**WHAT NEEDS TO BE DONE:** Among the entries below, find the line with "have /andP[_ S_le] := alt_sum_bounds (fun", then quote it and each following line up to and including the line with "gbin q n k.+1", and nothing else.

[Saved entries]
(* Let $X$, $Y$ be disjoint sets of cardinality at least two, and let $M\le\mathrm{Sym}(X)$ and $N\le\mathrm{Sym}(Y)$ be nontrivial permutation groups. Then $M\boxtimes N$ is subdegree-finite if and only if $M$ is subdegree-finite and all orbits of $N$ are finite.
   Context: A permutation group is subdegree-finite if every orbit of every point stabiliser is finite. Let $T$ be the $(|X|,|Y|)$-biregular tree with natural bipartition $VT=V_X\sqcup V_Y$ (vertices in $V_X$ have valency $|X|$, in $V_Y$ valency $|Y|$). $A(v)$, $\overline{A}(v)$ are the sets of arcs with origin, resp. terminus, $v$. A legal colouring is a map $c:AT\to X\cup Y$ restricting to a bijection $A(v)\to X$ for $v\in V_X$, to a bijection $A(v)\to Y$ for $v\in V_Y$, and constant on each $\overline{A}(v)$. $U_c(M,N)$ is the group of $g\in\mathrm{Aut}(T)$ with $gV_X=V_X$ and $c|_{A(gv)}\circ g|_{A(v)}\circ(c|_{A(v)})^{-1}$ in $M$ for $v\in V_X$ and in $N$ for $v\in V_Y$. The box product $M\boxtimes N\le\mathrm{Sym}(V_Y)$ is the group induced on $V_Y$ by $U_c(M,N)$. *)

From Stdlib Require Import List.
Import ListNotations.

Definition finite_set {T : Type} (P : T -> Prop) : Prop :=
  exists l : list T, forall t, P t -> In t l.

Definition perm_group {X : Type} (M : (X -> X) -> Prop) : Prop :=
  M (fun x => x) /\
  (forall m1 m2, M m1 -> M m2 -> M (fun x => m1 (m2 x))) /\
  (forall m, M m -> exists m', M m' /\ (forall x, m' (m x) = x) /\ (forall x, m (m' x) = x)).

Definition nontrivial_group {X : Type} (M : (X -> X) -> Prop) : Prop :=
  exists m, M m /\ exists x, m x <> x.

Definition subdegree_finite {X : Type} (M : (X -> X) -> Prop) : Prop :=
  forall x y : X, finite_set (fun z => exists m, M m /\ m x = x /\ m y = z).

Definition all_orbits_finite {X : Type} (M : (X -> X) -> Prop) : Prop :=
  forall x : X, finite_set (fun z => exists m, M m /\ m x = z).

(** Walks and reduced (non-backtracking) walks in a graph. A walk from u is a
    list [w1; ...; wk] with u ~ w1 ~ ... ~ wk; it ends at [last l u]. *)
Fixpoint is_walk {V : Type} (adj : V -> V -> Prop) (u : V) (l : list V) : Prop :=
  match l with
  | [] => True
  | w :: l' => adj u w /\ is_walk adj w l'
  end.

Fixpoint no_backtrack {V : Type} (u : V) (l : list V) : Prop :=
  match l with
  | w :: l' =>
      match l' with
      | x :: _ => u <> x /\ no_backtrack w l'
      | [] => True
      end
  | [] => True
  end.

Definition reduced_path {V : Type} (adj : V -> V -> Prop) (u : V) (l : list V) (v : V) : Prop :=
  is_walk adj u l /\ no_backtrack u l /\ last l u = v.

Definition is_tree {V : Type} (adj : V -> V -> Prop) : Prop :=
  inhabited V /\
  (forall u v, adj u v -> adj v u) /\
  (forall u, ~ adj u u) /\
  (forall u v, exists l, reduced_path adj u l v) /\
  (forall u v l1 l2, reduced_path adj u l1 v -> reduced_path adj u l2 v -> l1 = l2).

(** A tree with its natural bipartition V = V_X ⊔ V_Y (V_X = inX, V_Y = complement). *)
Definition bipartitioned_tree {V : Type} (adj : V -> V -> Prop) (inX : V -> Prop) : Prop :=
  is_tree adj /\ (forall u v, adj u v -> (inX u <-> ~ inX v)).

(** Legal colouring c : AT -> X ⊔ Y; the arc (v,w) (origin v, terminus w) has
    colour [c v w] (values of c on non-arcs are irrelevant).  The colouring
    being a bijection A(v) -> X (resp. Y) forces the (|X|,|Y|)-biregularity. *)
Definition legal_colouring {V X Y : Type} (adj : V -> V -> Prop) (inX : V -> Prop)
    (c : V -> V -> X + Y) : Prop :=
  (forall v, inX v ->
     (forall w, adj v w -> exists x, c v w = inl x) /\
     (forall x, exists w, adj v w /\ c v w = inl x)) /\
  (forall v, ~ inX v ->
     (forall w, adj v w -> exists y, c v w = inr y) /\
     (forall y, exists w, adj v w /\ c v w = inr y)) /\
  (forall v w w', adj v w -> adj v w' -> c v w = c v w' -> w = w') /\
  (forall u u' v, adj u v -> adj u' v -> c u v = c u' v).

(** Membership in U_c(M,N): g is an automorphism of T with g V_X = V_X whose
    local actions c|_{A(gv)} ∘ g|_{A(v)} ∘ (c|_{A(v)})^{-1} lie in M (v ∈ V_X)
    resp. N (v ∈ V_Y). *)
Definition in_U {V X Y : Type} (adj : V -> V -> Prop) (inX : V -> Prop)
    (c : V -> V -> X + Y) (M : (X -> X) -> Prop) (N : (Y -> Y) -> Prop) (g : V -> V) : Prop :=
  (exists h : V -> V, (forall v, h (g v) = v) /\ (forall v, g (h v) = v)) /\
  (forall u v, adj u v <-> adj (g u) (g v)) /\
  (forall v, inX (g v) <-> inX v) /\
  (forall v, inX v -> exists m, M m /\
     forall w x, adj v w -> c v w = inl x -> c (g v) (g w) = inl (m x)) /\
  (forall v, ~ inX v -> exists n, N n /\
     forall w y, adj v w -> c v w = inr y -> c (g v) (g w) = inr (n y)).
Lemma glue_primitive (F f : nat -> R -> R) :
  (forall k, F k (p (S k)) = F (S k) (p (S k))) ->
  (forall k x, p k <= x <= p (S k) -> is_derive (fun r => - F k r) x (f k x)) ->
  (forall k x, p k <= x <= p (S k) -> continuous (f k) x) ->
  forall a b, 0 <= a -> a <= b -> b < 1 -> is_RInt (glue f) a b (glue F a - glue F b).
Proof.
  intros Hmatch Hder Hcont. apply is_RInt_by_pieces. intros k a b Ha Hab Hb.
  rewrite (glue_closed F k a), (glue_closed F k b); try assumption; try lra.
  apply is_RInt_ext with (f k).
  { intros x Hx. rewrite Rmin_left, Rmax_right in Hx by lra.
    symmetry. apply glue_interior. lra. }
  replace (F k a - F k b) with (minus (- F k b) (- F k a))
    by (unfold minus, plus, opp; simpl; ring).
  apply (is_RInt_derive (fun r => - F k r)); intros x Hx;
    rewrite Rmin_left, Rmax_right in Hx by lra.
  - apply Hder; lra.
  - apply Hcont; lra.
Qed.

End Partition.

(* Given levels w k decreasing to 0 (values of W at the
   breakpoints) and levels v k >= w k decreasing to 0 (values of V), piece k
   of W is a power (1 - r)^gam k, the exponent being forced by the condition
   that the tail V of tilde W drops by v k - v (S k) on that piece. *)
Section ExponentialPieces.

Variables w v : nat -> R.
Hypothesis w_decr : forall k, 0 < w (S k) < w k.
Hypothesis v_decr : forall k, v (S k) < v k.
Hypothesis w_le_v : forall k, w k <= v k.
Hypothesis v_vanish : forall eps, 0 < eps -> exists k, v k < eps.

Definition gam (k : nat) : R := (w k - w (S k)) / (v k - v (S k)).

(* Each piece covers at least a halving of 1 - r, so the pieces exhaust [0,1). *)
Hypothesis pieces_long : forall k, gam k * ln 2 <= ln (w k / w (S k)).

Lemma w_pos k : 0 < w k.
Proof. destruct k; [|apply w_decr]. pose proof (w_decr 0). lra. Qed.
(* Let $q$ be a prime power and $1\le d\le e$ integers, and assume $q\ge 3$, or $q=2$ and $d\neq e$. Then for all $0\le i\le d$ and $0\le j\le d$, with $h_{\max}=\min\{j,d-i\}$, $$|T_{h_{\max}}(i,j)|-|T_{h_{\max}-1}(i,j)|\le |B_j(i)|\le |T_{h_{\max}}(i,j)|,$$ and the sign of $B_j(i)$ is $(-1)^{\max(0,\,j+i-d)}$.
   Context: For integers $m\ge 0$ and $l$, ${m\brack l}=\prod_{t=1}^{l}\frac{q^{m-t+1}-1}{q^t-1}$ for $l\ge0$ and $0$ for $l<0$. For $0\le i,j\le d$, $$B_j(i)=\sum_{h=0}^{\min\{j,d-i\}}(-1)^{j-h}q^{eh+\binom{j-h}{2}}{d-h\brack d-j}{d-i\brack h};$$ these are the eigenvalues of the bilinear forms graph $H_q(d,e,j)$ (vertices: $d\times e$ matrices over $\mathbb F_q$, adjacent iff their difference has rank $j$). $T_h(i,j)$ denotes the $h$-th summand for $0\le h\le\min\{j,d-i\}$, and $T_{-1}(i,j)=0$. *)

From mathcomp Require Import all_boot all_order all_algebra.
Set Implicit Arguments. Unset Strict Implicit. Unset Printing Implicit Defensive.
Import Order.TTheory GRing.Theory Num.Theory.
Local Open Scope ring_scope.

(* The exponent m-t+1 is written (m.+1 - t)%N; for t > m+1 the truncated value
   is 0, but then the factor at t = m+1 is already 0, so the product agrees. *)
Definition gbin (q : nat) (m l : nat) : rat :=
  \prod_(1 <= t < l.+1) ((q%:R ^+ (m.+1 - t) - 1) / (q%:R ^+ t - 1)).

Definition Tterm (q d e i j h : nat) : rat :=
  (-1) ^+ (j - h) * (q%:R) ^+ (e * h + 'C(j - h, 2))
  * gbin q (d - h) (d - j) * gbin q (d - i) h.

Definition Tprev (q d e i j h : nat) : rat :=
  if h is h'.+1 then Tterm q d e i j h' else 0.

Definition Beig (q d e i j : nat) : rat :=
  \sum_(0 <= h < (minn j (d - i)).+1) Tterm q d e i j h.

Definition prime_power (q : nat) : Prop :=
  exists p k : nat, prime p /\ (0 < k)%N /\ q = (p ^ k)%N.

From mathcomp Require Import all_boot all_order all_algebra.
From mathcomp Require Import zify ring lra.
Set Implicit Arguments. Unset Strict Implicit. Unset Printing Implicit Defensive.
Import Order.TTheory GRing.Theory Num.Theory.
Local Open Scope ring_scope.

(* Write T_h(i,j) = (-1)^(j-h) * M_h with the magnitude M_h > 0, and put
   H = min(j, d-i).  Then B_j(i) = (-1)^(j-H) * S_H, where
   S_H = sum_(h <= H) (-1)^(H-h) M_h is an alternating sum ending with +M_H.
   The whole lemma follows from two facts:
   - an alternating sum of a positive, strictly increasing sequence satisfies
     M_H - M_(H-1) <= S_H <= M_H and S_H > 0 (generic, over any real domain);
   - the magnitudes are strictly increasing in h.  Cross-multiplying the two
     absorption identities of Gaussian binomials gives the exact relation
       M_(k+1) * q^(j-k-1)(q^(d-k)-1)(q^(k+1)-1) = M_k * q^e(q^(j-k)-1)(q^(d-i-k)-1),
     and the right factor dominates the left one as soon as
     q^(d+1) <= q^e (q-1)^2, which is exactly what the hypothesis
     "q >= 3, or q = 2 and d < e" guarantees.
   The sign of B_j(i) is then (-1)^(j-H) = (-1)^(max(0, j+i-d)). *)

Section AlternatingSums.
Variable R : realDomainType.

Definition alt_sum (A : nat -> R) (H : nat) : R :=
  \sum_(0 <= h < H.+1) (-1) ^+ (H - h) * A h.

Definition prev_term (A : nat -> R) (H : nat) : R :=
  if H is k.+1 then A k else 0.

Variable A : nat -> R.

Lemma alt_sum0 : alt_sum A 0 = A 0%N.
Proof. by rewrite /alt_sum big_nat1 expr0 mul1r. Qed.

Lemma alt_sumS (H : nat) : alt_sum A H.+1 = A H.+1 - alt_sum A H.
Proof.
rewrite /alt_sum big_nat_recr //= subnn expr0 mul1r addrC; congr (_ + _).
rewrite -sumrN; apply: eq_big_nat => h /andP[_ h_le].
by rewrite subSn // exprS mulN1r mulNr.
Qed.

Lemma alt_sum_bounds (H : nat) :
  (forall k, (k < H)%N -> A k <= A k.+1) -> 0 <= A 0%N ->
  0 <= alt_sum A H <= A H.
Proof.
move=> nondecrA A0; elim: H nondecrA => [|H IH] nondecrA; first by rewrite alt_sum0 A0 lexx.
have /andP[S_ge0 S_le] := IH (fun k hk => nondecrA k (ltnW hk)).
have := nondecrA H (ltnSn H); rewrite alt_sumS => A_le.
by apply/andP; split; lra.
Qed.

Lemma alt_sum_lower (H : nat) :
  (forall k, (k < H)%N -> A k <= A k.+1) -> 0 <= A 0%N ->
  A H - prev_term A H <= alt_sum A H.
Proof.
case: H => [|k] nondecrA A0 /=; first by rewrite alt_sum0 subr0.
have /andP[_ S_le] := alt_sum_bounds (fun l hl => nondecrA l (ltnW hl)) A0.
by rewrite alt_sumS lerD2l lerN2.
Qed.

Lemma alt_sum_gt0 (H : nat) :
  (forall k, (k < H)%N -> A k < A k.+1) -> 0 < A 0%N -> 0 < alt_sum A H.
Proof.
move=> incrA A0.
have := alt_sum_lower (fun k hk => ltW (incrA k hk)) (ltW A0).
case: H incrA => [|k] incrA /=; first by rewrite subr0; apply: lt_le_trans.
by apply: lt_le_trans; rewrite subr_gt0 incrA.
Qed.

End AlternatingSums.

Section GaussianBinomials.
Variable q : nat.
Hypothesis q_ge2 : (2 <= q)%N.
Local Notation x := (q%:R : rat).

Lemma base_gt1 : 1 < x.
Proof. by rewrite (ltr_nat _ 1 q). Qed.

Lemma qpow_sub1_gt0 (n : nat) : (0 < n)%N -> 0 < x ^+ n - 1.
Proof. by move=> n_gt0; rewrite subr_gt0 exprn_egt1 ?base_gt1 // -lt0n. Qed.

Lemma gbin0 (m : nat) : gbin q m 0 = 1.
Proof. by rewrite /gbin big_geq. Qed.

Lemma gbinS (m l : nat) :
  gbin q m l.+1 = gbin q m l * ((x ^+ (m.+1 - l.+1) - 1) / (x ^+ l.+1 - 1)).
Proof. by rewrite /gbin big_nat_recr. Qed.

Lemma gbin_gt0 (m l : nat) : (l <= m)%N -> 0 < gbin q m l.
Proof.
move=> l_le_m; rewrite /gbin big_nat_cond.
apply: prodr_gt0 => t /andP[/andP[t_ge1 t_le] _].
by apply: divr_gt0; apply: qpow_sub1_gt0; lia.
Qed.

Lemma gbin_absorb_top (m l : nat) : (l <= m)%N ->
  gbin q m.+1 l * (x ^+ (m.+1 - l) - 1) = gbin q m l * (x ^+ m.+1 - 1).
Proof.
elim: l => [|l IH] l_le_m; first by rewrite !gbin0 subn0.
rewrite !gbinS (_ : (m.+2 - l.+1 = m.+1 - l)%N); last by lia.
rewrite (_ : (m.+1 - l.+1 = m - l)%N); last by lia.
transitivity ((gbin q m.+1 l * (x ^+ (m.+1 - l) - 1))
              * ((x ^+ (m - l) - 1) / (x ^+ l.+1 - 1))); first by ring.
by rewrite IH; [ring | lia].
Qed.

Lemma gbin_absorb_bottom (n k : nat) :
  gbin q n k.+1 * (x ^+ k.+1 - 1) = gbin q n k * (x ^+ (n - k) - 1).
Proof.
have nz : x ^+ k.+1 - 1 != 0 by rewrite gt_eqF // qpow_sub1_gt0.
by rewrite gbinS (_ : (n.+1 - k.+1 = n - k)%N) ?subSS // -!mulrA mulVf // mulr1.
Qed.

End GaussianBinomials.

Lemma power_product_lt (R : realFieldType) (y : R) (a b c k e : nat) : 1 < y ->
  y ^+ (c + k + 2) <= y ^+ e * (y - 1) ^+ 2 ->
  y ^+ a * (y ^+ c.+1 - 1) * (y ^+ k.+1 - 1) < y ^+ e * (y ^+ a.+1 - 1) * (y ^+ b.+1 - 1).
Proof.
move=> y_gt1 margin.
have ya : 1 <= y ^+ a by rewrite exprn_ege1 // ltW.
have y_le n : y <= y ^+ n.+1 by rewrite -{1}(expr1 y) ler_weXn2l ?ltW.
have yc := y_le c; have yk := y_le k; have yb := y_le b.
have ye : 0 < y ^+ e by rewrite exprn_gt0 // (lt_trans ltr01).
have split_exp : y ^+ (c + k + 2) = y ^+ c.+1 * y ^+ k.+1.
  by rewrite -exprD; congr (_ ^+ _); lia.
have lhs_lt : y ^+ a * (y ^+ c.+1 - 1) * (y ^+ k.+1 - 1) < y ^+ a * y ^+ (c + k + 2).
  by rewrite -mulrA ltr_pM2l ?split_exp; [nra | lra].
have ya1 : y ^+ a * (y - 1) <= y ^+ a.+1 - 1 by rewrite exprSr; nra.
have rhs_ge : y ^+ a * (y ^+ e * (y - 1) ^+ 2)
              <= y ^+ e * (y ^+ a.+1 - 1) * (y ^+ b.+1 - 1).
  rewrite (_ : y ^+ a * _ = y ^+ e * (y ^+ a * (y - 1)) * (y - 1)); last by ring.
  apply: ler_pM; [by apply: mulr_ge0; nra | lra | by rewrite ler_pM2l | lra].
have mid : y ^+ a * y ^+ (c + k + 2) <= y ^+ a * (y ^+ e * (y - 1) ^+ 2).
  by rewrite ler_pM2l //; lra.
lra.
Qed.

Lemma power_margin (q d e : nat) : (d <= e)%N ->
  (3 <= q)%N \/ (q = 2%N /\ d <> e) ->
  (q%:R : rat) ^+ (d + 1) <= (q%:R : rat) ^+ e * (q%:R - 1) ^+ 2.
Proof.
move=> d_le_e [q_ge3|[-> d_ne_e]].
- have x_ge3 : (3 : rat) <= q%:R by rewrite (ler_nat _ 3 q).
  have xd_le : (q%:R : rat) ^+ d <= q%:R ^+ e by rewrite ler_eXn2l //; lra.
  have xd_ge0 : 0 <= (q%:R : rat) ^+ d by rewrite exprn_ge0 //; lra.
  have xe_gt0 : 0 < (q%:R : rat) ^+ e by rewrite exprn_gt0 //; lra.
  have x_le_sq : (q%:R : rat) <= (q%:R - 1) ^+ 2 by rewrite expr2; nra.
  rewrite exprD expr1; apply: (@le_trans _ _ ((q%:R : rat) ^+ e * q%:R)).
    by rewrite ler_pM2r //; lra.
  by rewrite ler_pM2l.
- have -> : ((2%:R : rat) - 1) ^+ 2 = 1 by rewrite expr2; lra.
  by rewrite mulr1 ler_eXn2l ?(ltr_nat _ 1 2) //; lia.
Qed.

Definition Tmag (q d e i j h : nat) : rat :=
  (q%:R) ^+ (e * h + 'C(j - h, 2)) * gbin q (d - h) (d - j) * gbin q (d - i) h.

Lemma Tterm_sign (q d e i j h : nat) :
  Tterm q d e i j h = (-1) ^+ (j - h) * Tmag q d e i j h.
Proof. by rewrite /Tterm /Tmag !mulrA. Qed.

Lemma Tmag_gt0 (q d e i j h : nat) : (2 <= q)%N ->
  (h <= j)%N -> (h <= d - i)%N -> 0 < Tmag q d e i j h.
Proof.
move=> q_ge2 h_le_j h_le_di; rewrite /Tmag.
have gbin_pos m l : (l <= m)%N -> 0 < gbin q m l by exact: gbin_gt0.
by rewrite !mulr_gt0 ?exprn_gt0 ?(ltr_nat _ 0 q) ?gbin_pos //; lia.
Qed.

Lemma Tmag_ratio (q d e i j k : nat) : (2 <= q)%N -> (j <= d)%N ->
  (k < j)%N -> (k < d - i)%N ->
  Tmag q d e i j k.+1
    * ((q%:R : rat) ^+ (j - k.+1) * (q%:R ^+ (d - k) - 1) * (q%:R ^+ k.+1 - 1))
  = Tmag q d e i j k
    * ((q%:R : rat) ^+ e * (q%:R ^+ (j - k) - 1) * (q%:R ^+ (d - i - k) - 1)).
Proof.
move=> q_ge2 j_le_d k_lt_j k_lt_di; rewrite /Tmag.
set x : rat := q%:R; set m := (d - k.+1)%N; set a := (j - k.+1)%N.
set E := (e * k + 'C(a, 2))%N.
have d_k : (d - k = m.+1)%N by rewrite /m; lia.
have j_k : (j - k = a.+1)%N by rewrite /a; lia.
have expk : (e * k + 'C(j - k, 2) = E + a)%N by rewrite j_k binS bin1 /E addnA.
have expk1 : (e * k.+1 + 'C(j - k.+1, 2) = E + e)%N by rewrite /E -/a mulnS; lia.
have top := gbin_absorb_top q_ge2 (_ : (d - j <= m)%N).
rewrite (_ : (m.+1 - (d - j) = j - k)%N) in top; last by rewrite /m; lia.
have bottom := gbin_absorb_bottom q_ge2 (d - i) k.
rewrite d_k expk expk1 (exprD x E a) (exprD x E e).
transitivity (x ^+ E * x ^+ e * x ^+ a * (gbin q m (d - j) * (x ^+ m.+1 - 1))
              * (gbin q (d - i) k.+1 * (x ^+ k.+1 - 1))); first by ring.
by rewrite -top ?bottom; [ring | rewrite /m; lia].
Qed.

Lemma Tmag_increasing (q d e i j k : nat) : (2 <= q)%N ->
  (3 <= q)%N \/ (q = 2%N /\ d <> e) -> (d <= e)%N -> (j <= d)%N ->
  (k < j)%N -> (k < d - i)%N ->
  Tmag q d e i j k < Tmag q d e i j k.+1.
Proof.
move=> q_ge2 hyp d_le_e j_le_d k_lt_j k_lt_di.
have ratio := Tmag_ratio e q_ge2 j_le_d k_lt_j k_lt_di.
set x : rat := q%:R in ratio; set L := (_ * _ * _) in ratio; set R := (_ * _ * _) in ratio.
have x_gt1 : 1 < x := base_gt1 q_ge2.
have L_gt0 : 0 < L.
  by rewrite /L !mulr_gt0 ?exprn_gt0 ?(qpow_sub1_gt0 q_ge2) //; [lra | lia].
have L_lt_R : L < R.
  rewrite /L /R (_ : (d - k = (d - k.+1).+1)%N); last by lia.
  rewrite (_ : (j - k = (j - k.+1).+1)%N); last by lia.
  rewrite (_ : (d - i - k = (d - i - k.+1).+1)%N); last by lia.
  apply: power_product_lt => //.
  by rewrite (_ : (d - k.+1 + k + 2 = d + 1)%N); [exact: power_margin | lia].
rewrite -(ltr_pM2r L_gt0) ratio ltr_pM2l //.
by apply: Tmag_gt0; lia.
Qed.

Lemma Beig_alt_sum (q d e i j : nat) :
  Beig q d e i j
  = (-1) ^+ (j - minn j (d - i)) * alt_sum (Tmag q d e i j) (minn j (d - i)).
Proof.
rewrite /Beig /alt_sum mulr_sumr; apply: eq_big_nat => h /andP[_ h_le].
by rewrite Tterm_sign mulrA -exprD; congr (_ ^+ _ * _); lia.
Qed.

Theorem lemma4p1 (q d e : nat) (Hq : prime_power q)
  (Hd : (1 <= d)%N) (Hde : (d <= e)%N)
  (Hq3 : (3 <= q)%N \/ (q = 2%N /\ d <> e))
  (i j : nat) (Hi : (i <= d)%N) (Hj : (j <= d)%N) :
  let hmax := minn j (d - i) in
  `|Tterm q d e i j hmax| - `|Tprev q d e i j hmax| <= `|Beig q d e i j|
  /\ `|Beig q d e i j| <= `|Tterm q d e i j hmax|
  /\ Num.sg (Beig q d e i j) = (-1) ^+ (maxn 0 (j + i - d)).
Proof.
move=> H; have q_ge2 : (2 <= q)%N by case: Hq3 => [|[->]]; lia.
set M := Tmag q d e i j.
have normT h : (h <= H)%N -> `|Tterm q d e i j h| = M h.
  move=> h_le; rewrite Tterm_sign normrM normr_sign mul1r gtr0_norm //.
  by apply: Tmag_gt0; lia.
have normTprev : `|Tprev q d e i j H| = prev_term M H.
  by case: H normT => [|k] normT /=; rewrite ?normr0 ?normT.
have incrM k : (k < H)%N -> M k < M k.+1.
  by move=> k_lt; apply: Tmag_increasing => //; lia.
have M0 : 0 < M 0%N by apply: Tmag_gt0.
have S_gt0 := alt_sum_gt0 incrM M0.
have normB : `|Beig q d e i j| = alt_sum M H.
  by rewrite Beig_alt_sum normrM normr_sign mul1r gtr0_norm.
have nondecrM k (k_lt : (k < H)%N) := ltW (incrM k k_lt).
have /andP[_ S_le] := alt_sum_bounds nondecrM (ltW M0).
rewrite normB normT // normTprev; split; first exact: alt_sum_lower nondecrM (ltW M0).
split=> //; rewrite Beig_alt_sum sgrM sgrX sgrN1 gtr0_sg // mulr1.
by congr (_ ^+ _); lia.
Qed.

**TASK ANSWER:**
have /andP[_ S_le] := alt_sum_bounds (fun l hl => nondecrA l (ltnW hl)) A0.
by rewrite alt_sumS lerD2l lerN2.
Qed.

Lemma alt_sum_gt0 (H : nat) :
  (forall k, (k < H)%N -> A k < A k.+1) -> 0 < A 0%N -> 0 < alt_sum A H.
Proof.
move=> incrA A0.
have := alt_sum_lower (fun k hk => ltW (incrA k hk)) (ltW A0).
case: H incrA => [|k] incrA /=; first by rewrite subr0; apply: lt_le_trans.
by apply: lt_le_trans; rewrite subr_gt0 incrA.
Qed.

End AlternatingSums.

Section GaussianBinomials.
Variable q : nat.
Hypothesis q_ge2 : (2 <= q)%N.
Local Notation x := (q%:R : rat).

Lemma base_gt1 : 1 < x.
Proof. by rewrite (ltr_nat _ 1 q). Qed.

Lemma qpow_sub1_gt0 (n : nat) : (0 < n)%N -> 0 < x ^+ n - 1.
Proof. by move=> n_gt0; rewrite subr_gt0 exprn_egt1 ?base_gt1 // -lt0n. Qed.

Lemma gbin0 (m : nat) : gbin q m 0 = 1.
Proof. by rewrite /gbin big_geq. Qed.

Lemma gbinS (m l : nat) :
  gbin q m l.+1 = gbin q m l * ((x ^+ (m.+1 - l.+1) - 1) / (x ^+ l.+1 - 1)).
Proof. by rewrite /gbin big_nat_recr. Qed.

Lemma gbin_gt0 (m l : nat) : (l <= m)%N -> 0 < gbin q m l.
Proof.
move=> l_le_m; rewrite /gbin big_nat_cond.
apply: prodr_gt0 => t /andP[/andP[t_ge1 t_le] _].
by apply: divr_gt0; apply: qpow_sub1_gt0; lia.
Qed.

Lemma gbin_absorb_top (m l : nat) : (l <= m)%N ->
  gbin q m.+1 l * (x ^+ (m.+1 - l) - 1) = gbin q m l * (x ^+ m.+1 - 1).
Proof.
elim: l => [|l IH] l_le_m; first by rewrite !gbin0 subn0.
rewrite !gbinS (_ : (m.+2 - l.+1 = m.+1 - l)%N); last by lia.
rewrite (_ : (m.+1 - l.+1 = m - l)%N); last by lia.
transitivity ((gbin q m.+1 l * (x ^+ (m.+1 - l) - 1))
              * ((x ^+ (m - l) - 1) / (x ^+ l.+1 - 1))); first by ring.
by rewrite IH; [ring | lia].
Qed.

Lemma gbin_absorb_bottom (n k : nat) :
  gbin q n k.+1 * (x ^+ k.+1 - 1) = gbin q n k * (x ^+ (n - k) - 1).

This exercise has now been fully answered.